Nothing Speaks Grandfather Energy To Me Like This Sea Turtle
Wheew, what a past week or so it has been. I got on the plane a week ago Thursday for NYC and a wild and beautiful group of Leadership Graduates, hung with them in my elder consciousness to the best of mySelf’s ability. I spoke, or should I say riffed, for an hour or so about consciousness and transformation, two of the most important things to be riffing about these days. I sat in my ease and just let it flow and as I let it flow, I would take these connective pauses and look out and see in the audience people leaning forward hungry for more and I would see people leaning backwards and soaking it in like a meditation and I would see people falling asleep, and as I looked out there I would feel it was all good. I actually had the thought of when the grandfather gathers the generations around him and tells a story or does a slide show of his first trip to Australia, and all the ways that the family gather around him. Like that grandfather I was fine and not having a single controlling or insecure thought going through me, like “wake up this is important” or “everyone SHOULD like me and respect me enough to at least pretend like they do”. Those old reactions now belong to a powerful past. A past where I KEPT people awake and didn’t honor their dreaming time because what I had to say and do was important and it needed attention. I needed attention.
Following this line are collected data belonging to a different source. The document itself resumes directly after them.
(* Let $F$ be quadratic and assume (A1), (A2). Let $\mathbf C=1$ for \texttt{MCM} and $\mathbf C=N$ for \texttt{Rand-MCM} (as in the context). Then for any $k\ge1$, $$\mathbb{E}\Big[\Big\|\frac1N\sum_{i=1}^N\nabla F(\widehat w^i_{k-1})-\nabla F(w_{k-1})\Big\|^2\,\Big|\,w_{k-1}\Big]\le\frac{L^2\omega_{\mathrm{dwn}}}{\mathbf C}\cdot\frac1N\sum_{i=1}^N\|w_{k-1}-H^i_{k-2}\|^2.$$
   Context: $N\ge1$ homogeneous workers, objective $F:\mathbb{R}^d\to\mathbb{R}$. $F$ is quadratic: there are a symmetric matrix $A$ and a point $w_*$ with $F(w)-F(w_* )=\frac12(w-w_* )^\top A(w-w_* )$. Worker $i$ at iteration $k$ has an oracle $g_k^i$ with $\mathbb{E}[g_k^i(w)]=\nabla F(w)$; all compressions use fresh independent randomness. \texttt{Rand-MCM} with step $\gamma$, rate $\alpha_{\mathrm{dwn}}$: $H^i_{-1}=w_0$, $\widehat w_0^i=w_0$; for $k\ge1$: $w_k=w_{k-1}-\gamma\frac1N\sum_i\mathcal{C}_{\mathrm{up}}(g_k^i(\widehat w^i_{k-1}))$, $\widehat w^i_k=H^i_{k-1}+\mathcal{C}_{\mathrm{dwn},i}(w_k-H^i_{k-1})$, $H^i_k=H^i_{k-1}+\alpha_{\mathrm{dwn}}\mathcal{C}_{\mathrm{dwn},i}(w_k-H^i_{k-1})$ (same realization), with $\mathcal{C}_{\mathrm{dwn},1},\dots,\mathcal{C}_{\mathrm{dwn},N}$ mutually independent. \texttt{MCM} is the same with a single shared memory $H_k^i=H_k$ and a single downlink compression shared by all workers, so $\widehat w^i_k=\widehat w_k$ for all $i$. $\mathbb{E}[\cdot\mid w_{k-1}]$ is the conditional expectation given all randomness up to the computation of $w_{k-1}$ (so $H^i_{k-2}$ is measurable). (A1) for some $\omega_{\mathrm{up}},\omega_{\mathrm{dwn}}>0$, all $w$: unbiased compressions with $\mathbb{E}\|\mathcal{C}(w)-w\|^2\le\omega\|w\|^2$ for the respective $\omega$. (A2) $F$ is $L$-smooth. *)

From HB Require Import structures.
From mathcomp Require Import all_boot all_order all_algebra.
From mathcomp Require Import all_classical all_reals all_analysis.
Set Implicit Arguments. Unset Strict Implicit. Unset Printing Implicit Defensive.
Import Order.TTheory GRing.Theory Num.Theory.
Import numFieldNormedType.Exports.
Local Open Scope classical_set_scope.
Local Open Scope ring_scope.
(* Let $p$ be an odd prime, $l\ge 2$ an integer, and $d$ a positive integer with $p\nmid d$. Then the arithmetic progression $p^l+6dn$, $n=0,1,2,\ldots$, contains no $p$ consecutive terms $p^l+6dn,\,p^l+6d(n+1),\ldots,p^l+6d(n+p-1)$ that are all prime; i.e. it contains no $p$-tuple of primes. *)

From mathcomp Require Import all_boot.

From mathcomp Require Import all_boot.

(* Among any p consecutive values n + k one is a multiple of p. *)

Lemma exists_dvdn_addn (n p : nat) : 0 < p -> exists2 k, k < p & p %| n + k.
Proof.
move=> p_gt0; exists ((p - n %% p) %% p); first by rewrite ltn_pmod.
rewrite /dvdn modnDmr {1}(divn_eq n p) -addnA subnKC; last first.
  by rewrite ltnW // ltn_pmod.
by rewrite -mulSnr modnMl.
Qed.

Lemma notprime_expnD_dvdn (p l m : nat) :
  prime p -> 2 <= l -> p %| m -> ~~ prime (p ^ l + m).
Proof.
move=> pr_p l_ge2 p_dvd_m; apply/negP => pr_sum.
have p_dvd_sum : p %| p ^ l + m.
  by rewrite dvdn_add // dvdn_exp // (leq_trans _ l_ge2).
move: p_dvd_sum; rewrite dvdn_prime2 // => /eqP p_eq.
have p_lt_pl : p < p ^ l.
  by rewrite -[p in p < _]expn1 ltn_exp2l // prime_gt1.
by move: (leq_trans p_lt_pl (leq_addr m _)); rewrite -p_eq ltnn.
Qed.

Theorem corollary3p5 (p l d : nat) :
  prime p -> odd p -> 2 <= l -> 0 < d -> ~~ (p %| d) ->
  forall n : nat, ~ (forall k : nat, k < p -> prime (p ^ l + 6 * d * (n + k))).
Proof.
move=> pr_p _ l_ge2 _ _ n all_prime.
have [k k_lt_p p_dvd_nk] := exists_dvdn_addn n p (prime_gt0 pr_p).
have := notprime_expnD_dvdn p l _ pr_p l_ge2 (dvdn_mull (6 * d) p_dvd_nk).
by rewrite all_prime.
Qed.
Lemma labeling_eq0 c v : ~~ adj c v -> x c v = 0.
Proof. by rewrite -x_labeling negbK => /eqP. Qed.

Definition transfer (c c' : Cnode n) (v : Vnode n) := x c v / x c' v.

Lemma transferV c c' v : transfer c' c v = (transfer c c' v)^-1.
Proof. by rewrite /transfer invf_div. Qed.

Lemma transfer_neq0 c c' v : adj c v -> adj c' v -> transfer c c' v != 0.
Proof. by move=> adj_c adj_c'; rewrite mulf_neq0 ?invr_eq0 ?labeling_neq0. Qed.

(* Regrouping the cycle product by variable nodes: [v_t] is crossed from
   [c_(t-1)] to [c_t]. *)
Lemma cycle_productE k (vs : 'I_k -> Vnode n) (cs : 'I_k -> Cnode n) :
  cycle_product x vs cs = \prod_t transfer (cs (ord_pred t)) (cs t) (vs t).
Proof.
rewrite /cycle_product /transfer !prodf_div; congr (_ / _).
by rewrite [RHS](reindex_inj (@ordS_inj k)); apply: eq_bigr => t _; rewrite ordSK.
Qed.

Lemma sum_labeling_pair (y : Cnode n -> F) v c1 c2 :
  (2%:R : F) = 0 -> c1 != c2 -> (forall c, adj c v = (c == c1) || (c == c2)) ->
  y c2 = y c1 * transfer c1 c2 v -> \sum_c y c * x c v = 0.
Proof.
move=> char2 c12 adj_v y_c2.
have x_c2 : x c2 v != 0 by rewrite labeling_neq0 // adj_v eqxx orbT.
rewrite (bigD1 c1) // (bigD1 c2) 1?eq_sym //= big1 => [|c /andP [c_c1 c_c2]]; last first.
  by rewrite labeling_eq0 ?mulr0 // adj_v negb_or c_c1.
by rewrite addr0 y_c2 /transfer mulrA divfK // -mulr2n -mulr_natr char2 mulr0.
Qed.

Lemma labeling_leaf (w : {ffun Vnode n -> F^o}) c v0 :
  mxapply x w c = 0 -> adj c v0 -> (forall v, v != v0 -> adj c v -> w v = 0) ->
  w v0 = 0.
Proof.
move=> w_c adj_v0 w_v.
suff: x c v0 * w v0 = 0.
  by move/eqP; rewrite mulf_eq0 (negbTE (labeling_neq0 adj_v0)) => /eqP.
rewrite -[RHS]w_c ffunE (bigD1 v0) //= big1 ?addr0 // => v v_v0.
by case/boolP: (adj c v) => [/(w_v v v_v0) -> | /labeling_eq0 ->]; rewrite ?mulr0 ?mul0r.
Qed.
(* b^8 = <<b^8,1,1,c^2,1,1>>, and [h] fixes the vertices 1 and 4, with a section at 1
   commuting with b^8 and the section c^2 b^2 c at 4. Hence
   [h, b^8] = <<1,1,1,[c^2 b^2 c, c^2],1,1>> = <<1,1,1,[b^2,c]^-1,1,1>>, and conjugating
   by c^2 b c^2 moves the vertex 4 to the vertex 1 with trivial section. *)
Definition rigid_commutator : word :=
  let h := conj_word commutator_b2c [:: C; B; B; B] ++
           conj_word commutator_b2c [:: C; Bi; Bi; Bi] in
  conj_word (inv_word (comm_word h (nseq 8 B))) [:: C; C; B; C; C].

Lemma inH_rigid_commutator : inH rigid_commutator.
Proof.
have conjH g := normal_conj inH_normal g inH_commutator.
apply/(normal_conj inH_normal)/(normal_inv inH_normal)/(normal_comm inH_normal).
exact: (normal_cat inH_normal (conjH _) (conjH _)).
Qed.

Lemma supported_rigid_commutator :
  supported_at rigid_commutator ord0 commutator_b2c.
Proof.
have Sb : supportedb rigid_commutator ord0 by vm_compute.
apply: supported_at_act_eq (supportedbP Sb).
by apply: act_eq_trivialb; vm_compute.
Qed.

Lemma liftable_inH u : inH u -> liftable ord0 u.
Proof.
move=> Hu; apply: (in_gen_min liftable_normal _ Hu) => _ [g ->].
apply: (normal_conj liftable_normal).
by exists rigid_commutator; [exact: inH_rigid_commutator | exact: supported_rigid_commutator].
Qed.

Definition transporter (x : 'I_6) : word :=
  nth [::] [:: [::]; [:: C]; [:: C; C]; [:: C; A; C; C]; [:: C; A]; [:: C; A; C]] x.

Lemma transporterP x : (step (transporter x) ord0).1 = x.
Proof.
suff /allP P : all (fun x => (step (transporter x) ord0).1 == x) letters.
  exact/eqP/P/mem_letters.
by vm_compute.
Qed.

Lemma liftable_at x u : inH u -> liftable x u.
Proof.
move=> Hu; set t := transporter x; set s := (step t ord0).2.
have [h Hh S] := liftable_inH (normal_conj inH_normal (inv_word s) Hu).
exists (conj_word h t); first exact: (normal_conj inH_normal t Hh).
have := supported_at_conj t S; rewrite transporterP; apply: supported_at_act_eq.
by move=> v; rewrite /conj_word inv_wordK !act_cat !act_Kinv.
Qed.

Lemma branching_H (hs : 'I_6 -> word) : (forall x, inH (hs x)) ->
  exists h : word, inH h /\ forall x v, act h (x :: v) = x :: act (hs x) v.
Proof.
move=> Hhs; have [f Hf Sf] := fin_all_exists2 (fun x => liftable_at x (Hhs x)).
exists (flatten (map f letters)); split; first exact: (normal_flatten inH_normal _ Hf).
exact: supported_at_flatten Sf.
Qed.

Theorem proposition11p6 : regular_branch_over inH.
Proof. by split; [exact: finite_index_H | exact: branching_H]. Qed.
As I looked around that dance studio in NYC and riffed on about all that wanted to flow from me I didn’t NEED that attention at all. I was just completely enjoying mySelf and whatever was bubbling up for me in the moment. I was feeling into the “WE” and loving everyone. It was a good feeling. When I was done, I didn’t care if it was “good” or not, I didn’t care whether people got “value” or not and I didn’t care if anyone even understood what I had said. I had just said what I wanted to say in that moment and was complete. I was available, as a good grandfather is, to be appreciated and loved and respected. I was fine with any feelings of challenge and question, and so I didn’t notice it much if it was there. I finished and left the room feeling more complete then I ever have felt after being in front of a group of people.
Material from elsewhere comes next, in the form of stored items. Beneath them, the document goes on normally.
Lemma xb_fixed : xb = vadd (vscal (1 + alpha) zb) (vscal gamma (gradF zb)).
Proof.
have Hal := alpha_bounds; have HgL := gammaL_small.
rewrite -yb_eq_zb; apply: vec_eq_of_near => e He; have He7 : 0 < e / 7 by lra.
have [j [Hy [_ [Hx Hzy]]]] := cluster_near _ He7.
set Yj := y j.+1 in Hy Hzy *; set dY := vsub Yj yb in Hy *; set dG := vsub (gradF Yj) (gradF yb).
have Hdx : norm (dx j) = 2 * norm (vsub (z j.+1) Yj).
  by rewrite dx_eq norm_vscal Rabs_pos_eq //; lra.
have -> : vsub xb (vadd (vscal (1 + alpha) yb) (vscal gamma (gradF yb))) =
  vadd (vsub xb (x j.+1)) (vadd (dx j) (vadd (vscal (1 + alpha) dY) (vscal gamma dG))).
  rewrite /dx (x_of_y j) -/Yj /dY /dG; apply: functional_extensionality => i.
  by rewrite /vsub /vadd /vscal; ring.
have HdG : gamma * norm dG <= gamma * L * norm dY.
  by rewrite Rmult_assoc; apply: Rmult_le_compat_l; [lra | apply: gradF_lip].
have := norm_vadd_le (vscal (1 + alpha) dY) (vscal gamma dG).
rewrite !norm_vscal !Rabs_pos_eq; try lra.
have := norm_vadd_le (dx j) (vadd (vscal (1 + alpha) dY) (vscal gamma dG)).
have := norm_vadd_le (vsub xb (x j.+1))
                     (vadd (dx j) (vadd (vscal (1 + alpha) dY) (vscal gamma dG))).
have HdY := norm_ge0 dY.
have H1 : (1 + alpha) * norm dY <= 2 * (e / 7) by nra.
have H2 : gamma * L * norm dY <= e / 7 by nra.
rewrite norm_vsubC in Hx => T1 T2 T3; lra.
Qed.

(* If [G zb] exceeded [(F + G) v - F zb] by [eta], lower semicontinuity would keep [obj]
   that large along the cluster subsequence, against the vanishing gap bound [obj_gap_norm]. *)
Lemma G_zb_le v gv : G v = Fin gv -> Rbar_le (G zb) (Fin (gv + F v - F zb)).
Proof.
move=> Hv; set T := gv + F v - F zb; apply: NNPP => Hn.
have [eta [Heta HnT]] : exists eta, 0 < eta /\ ~ Rbar_le (G zb) (Fin (T + eta)).
  move: Hn; case: (G zb) => [r|] /= Hn; first by exists ((r - T) / 2); split; lra.
  by exists 1; split; [lra |].
have Heta2 : 0 < eta / 2 by lra.
have [r [Hr Hnear]] := lsc_plus_continuous F_grad G_lsc HnT Heta2.
set B := norm (vsub zb v) + 1; have HB : 0 < B by have := norm_ge0 (vsub zb v); rewrite /B; lra.
have Hk := kappa_gt0.
set s := Rmin 1 (Rmin r (eta / (2 * (kappa * B + L + 1)))).
have Hs0 : 0 < s by repeat apply: Rmin_glb_lt; try lra; apply: Rdiv_lt_0_compat; nra.
have Hs1 : s <= 1 := Rmin_l _ _.
have Hsr : s <= r := Rle_trans _ _ _ (Rmin_r _ _) (Rmin_l _ _).
have Hse : s * (kappa * B + L + 1) <= eta / 2.
  have -> : eta / 2 = eta / (2 * (kappa * B + L + 1)) * (kappa * B + L + 1) by field; nra.
  apply: Rmult_le_compat_r; first nra.
  exact: Rle_trans (Rmin_r _ _) (Rmin_r _ _).
have [j [_ [Hz [_ Hzy]]]] := cluster_near _ Hs0.
have [Hfin _] := z_subgradient j.
have := Hnear _ _ (Rlt_le_trans _ _ _ Hz Hsr) Hfin.
have := obj_gap_norm j _ _ Hv.
have Hzv : norm (vsub (z j.+1) v) <= B by have := norm_vsub_le (z j.+1) zb v; rewrite /B; lra.
have Hgap : norm (vsub (z j.+1) (y j.+1)) *
              (kappa * norm (vsub (z j.+1) v) + L * norm (vsub (z j.+1) (y j.+1)))
            <= s * (kappa * B + L).
  have := norm_ge0 (vsub (z j.+1) (y j.+1)); have := norm_ge0 (vsub (z j.+1) v).
  move=> H0 H1.
  have : kappa * norm (vsub (z j.+1) v) <= kappa * B by apply: Rmult_le_compat_l; lra.
  have : L * norm (vsub (z j.+1) (y j.+1)) <= L by nra.
  move=> H2 H3; apply: Rmult_le_compat; nra.
rewrite /obj /T in Hse *; nra.
Qed.

Lemma G_zb_finite : G zb = Fin (Gfin G zb).
Proof.
by case: G_proper => v [gv Hv]; have := G_zb_le _ _ Hv; rewrite /Gfin; case: (G zb).
Qed.

Lemma zb_min v gv : G v = Fin gv -> Gfin G zb + F zb <= gv + F v.
Proof. by move=> Hv; have := G_zb_le _ _ Hv; rewrite G_zb_finite /=; lra. Qed.

Lemma zb_argmin : is_argmin (fun v => Rbar_plus_R (G v) (F v)) zb.
Proof. by move=> v; rewrite G_zb_finite; case Ev: (G v) => [gv|] //=; apply: zb_min. Qed.

Lemma obj_psum_le N :
  psum (fun t => obj t.+1) N - INR N * (Gfin G zb + F zb) <=
  rate_coef * (sqnorm (vsub (x 0) xb) - sqnorm (vsub (x N) xb)).
Proof.
have Hsub := argmin_subgradient F_convex F_grad L_gt0 gradF_lip G_convex _ _ G_zb_finite zb_min.
elim: N => [|N IH]; first by rewrite /= Rmult_0_l; lra.
by rewrite S_INR /=; have := fejer_ineq N _ _ _ G_zb_finite Hsub xb_fixed; lra.
Qed.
I left NYC and flew to NC to meet up with the Chickadees. This elder energy followed me there and I had an entirely different leading experience. I have sought the elder energy before in Leading the Leadership Program and found it illusive and hard to hold onto. That old warrior would pop his head in to the circle and insist that he run the show. There was always something to fight for. I still felt the importance of the work in my heart and I still felt the need to fight for the higher selves in the room and to make very little room for the destructive selves to come in and set up camp. I just didn’t feel the need to work so hard at it. I had some moments of warrior energy where I stepped up with my fierceness and pointed the way. However these moments came out of a place of patience and compassion that allowed things to move on the way they were for a bit longer then I would have in the past. To allow my emotions to settle down some and to step into some of the tools I have learned in the Black Lodge around Emotional Stability. So I hung back in my patience and let the emotions roll through me, keeping an eye on them and then I would go back and grab one and bring it forward,put it into my heart or gut and step out into the battle with the consciousness destructive energies. As I would go out into that energy I felt less like a warrior and more like a medicine man and a grandfather using all of the resources in me and around me to stand patiently in the blast of wind as those destructive energies stormed up and then blew away. I would sit mySelf back down into my elder chair next to my brilliant co-leader Rick Tamlyn and breathe into the next moment. It ended up being a beautiful and loving week with the Chickadees with wings aflutter and beaks chirping as we all headed of for our little migrations around this wonderful world.